START EXERCISE INPUTS

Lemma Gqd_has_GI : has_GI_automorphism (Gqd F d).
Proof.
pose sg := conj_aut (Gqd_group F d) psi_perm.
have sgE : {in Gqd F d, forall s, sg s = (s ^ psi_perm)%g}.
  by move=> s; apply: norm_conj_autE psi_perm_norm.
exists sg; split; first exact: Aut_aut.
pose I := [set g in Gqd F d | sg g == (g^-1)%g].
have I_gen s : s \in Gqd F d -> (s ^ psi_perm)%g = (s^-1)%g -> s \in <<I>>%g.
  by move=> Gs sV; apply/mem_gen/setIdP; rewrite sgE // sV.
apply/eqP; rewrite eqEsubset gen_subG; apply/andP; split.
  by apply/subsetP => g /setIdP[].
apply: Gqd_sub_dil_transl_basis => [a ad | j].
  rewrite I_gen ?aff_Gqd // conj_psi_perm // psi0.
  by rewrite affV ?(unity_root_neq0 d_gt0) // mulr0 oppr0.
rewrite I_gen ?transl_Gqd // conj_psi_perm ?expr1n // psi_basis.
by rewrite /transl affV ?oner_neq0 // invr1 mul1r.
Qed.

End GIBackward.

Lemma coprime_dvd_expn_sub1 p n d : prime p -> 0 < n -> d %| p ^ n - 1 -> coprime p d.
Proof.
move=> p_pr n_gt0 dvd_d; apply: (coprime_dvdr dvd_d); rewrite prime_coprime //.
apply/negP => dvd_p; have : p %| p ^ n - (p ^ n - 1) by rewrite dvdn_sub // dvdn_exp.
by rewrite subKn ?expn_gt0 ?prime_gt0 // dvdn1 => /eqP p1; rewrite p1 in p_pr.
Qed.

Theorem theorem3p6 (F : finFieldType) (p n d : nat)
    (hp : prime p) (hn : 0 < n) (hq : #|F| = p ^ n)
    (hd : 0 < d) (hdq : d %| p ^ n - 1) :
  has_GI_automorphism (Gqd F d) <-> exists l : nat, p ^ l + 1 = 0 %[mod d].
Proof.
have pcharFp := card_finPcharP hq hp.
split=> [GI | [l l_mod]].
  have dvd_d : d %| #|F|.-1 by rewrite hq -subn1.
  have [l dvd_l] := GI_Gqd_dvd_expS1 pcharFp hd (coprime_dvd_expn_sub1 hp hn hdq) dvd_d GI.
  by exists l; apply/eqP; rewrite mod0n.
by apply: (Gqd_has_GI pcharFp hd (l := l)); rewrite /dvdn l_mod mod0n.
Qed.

END EXERCISE INPUTS
START EXERCISE INPUTS

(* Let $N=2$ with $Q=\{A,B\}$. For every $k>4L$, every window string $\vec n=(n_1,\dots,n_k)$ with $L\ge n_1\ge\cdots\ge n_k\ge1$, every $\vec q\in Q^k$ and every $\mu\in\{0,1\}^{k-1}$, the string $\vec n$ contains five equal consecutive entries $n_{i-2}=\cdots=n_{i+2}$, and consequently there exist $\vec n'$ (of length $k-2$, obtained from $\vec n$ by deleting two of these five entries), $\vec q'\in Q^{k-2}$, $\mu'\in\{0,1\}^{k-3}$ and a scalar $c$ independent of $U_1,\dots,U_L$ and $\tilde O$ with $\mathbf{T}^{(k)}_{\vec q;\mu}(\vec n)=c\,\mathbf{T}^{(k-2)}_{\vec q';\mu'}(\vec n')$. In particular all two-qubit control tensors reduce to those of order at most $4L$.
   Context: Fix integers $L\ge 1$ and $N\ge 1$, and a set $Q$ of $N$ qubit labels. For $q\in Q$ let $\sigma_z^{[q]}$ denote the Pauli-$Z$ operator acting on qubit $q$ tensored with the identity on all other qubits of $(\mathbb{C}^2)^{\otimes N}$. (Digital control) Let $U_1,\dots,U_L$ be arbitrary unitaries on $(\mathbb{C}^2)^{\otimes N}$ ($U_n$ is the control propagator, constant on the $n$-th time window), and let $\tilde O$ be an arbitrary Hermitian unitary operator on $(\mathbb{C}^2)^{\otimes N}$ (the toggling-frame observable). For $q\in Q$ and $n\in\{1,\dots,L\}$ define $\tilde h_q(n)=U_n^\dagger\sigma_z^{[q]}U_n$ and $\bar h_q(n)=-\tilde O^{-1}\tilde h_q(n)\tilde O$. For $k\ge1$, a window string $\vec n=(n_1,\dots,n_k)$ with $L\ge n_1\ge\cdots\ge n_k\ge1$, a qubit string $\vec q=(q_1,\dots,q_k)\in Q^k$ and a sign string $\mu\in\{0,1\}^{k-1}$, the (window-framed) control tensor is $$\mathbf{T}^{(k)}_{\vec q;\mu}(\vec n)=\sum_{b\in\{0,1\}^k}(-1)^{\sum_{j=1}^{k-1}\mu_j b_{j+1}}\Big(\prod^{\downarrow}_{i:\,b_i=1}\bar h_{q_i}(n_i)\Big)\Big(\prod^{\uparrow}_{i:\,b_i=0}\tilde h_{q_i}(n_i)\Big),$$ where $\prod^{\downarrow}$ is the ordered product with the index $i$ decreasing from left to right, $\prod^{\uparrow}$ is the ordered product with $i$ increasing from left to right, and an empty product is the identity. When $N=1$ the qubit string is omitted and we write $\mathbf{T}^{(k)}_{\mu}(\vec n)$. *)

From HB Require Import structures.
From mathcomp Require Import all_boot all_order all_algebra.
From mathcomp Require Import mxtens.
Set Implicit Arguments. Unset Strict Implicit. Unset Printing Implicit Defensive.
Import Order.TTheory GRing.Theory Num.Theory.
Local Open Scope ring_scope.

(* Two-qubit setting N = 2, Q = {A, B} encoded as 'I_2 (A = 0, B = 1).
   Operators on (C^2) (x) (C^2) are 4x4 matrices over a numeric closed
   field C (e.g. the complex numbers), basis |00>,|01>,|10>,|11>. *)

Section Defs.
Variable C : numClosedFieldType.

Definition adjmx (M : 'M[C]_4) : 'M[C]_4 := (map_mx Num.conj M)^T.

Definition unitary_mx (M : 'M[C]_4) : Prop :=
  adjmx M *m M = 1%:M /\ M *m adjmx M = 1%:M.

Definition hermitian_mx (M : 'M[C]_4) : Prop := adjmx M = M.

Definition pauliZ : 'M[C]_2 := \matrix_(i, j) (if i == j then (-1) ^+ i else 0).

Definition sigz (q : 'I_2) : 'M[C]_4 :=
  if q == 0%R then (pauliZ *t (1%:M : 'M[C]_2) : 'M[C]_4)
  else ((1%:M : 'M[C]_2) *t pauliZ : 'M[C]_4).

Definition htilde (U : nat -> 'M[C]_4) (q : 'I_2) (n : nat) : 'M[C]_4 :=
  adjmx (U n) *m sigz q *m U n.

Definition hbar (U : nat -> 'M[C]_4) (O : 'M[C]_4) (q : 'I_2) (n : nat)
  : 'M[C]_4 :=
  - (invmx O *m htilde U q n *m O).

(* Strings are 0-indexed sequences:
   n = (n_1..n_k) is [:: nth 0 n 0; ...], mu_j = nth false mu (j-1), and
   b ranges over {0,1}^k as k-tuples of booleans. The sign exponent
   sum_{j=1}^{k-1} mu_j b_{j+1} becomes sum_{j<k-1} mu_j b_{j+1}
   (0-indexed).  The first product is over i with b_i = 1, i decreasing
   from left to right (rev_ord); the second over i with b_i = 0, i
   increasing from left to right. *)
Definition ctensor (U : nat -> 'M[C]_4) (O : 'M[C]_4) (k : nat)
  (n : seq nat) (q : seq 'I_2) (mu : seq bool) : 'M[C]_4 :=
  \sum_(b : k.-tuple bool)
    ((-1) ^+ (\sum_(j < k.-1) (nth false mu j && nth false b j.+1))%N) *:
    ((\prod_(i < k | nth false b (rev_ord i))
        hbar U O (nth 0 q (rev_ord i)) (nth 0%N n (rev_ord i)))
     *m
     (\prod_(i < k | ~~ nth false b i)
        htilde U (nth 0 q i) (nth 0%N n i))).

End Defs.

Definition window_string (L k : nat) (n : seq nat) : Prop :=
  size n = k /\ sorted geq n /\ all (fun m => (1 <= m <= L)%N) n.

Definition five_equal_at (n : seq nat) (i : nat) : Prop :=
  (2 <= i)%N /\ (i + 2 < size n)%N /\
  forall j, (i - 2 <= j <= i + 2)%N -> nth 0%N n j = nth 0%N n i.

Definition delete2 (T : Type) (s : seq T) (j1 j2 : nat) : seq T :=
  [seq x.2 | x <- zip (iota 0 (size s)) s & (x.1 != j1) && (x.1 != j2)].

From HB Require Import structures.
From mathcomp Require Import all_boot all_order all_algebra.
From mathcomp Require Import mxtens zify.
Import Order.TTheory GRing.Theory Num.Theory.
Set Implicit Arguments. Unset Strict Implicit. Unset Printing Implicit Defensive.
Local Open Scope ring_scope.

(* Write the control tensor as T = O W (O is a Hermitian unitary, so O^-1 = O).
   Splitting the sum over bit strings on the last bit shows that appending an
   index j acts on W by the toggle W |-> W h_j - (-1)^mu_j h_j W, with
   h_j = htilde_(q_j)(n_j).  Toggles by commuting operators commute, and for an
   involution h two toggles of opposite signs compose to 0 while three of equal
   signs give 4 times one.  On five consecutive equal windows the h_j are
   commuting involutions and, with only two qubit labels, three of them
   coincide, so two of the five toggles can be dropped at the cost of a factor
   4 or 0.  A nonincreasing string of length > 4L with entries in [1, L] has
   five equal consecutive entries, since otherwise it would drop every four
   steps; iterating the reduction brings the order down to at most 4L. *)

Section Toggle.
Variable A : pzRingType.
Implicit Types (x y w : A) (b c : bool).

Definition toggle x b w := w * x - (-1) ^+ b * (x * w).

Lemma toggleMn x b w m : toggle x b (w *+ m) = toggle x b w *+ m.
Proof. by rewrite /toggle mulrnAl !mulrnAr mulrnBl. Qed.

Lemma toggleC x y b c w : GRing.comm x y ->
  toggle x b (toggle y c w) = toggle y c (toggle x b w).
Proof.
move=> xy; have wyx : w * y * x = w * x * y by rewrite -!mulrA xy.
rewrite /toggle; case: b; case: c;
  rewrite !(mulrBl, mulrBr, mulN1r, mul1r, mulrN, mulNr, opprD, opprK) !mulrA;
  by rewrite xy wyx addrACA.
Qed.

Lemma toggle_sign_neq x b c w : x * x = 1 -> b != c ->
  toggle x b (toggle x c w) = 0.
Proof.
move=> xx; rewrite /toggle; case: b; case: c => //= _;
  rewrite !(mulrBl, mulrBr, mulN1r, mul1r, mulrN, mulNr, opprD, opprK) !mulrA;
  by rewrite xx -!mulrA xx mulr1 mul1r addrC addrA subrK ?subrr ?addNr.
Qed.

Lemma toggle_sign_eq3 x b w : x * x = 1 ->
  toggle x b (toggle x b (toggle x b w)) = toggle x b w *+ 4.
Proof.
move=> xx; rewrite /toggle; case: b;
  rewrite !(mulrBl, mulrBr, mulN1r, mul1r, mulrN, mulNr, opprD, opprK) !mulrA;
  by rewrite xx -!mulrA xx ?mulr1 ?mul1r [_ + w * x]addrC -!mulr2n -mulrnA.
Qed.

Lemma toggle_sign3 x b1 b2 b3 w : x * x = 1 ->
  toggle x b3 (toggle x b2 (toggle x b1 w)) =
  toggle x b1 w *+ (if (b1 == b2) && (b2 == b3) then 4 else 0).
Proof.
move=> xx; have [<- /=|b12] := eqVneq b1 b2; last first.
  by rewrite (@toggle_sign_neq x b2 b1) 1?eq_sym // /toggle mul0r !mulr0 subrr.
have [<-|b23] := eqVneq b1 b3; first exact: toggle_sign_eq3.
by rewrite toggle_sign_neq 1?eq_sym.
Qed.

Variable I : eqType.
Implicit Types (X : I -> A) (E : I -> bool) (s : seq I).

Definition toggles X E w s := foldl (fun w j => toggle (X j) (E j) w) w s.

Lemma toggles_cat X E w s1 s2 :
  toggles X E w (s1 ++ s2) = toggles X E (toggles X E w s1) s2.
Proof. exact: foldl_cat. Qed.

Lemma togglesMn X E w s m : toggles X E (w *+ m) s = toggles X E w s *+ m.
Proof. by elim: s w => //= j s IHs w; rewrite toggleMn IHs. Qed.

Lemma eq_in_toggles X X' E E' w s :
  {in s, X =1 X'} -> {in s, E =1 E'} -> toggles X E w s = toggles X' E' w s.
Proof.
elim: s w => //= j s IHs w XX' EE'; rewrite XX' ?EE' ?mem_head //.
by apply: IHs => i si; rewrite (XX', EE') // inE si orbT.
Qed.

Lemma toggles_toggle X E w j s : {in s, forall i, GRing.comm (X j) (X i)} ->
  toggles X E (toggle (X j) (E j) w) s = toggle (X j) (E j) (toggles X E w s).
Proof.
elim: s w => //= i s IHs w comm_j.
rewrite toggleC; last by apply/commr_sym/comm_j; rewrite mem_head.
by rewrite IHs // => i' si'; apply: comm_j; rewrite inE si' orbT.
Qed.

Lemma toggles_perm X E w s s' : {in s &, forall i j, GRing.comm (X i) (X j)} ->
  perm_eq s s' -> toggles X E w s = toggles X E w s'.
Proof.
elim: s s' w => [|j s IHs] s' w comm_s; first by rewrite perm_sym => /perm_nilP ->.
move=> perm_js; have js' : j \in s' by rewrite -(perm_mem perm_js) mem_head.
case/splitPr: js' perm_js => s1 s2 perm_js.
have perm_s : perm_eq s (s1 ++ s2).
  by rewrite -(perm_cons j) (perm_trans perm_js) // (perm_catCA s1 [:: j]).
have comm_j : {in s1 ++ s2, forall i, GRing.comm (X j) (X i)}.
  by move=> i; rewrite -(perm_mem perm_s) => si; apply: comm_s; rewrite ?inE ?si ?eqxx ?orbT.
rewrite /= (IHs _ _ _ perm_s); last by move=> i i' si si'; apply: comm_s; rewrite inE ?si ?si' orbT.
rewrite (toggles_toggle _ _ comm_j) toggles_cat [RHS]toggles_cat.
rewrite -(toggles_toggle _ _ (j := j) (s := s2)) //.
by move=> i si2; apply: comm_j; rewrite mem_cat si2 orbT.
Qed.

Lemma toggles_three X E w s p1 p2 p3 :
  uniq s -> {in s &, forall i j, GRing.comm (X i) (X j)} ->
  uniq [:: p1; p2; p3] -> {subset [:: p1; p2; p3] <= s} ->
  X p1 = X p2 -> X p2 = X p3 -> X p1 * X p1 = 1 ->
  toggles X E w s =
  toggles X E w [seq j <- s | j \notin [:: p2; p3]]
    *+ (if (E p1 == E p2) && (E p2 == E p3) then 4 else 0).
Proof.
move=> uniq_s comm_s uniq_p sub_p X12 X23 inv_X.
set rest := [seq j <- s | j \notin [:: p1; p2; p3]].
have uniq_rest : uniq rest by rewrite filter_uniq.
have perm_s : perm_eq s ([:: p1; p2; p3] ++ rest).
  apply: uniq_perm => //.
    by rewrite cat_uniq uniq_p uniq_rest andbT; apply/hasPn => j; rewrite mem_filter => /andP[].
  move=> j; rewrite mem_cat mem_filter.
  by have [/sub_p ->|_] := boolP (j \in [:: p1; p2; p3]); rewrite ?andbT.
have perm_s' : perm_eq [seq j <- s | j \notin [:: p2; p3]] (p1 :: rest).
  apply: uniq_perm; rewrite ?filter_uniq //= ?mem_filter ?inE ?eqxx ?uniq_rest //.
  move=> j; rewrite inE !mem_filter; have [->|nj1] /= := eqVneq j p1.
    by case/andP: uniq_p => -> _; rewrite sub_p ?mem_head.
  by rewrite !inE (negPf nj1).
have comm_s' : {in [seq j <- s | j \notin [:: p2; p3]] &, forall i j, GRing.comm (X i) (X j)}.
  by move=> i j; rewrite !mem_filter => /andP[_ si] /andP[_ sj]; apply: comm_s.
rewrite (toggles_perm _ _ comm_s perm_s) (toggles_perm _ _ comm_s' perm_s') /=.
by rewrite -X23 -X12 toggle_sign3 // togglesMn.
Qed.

END EXERCISE INPUTS

Which lines above contain the word "eqVneq"? Copy each one.

move=> xx; have [<- /=|b12] := eqVneq b1 b2; last first.
have [<-|b23] := eqVneq b1 b3; first exact: toggle_sign_eq3.
  move=> j; rewrite inE !mem_filter; have [->|nj1] /= := eqVneq j p1.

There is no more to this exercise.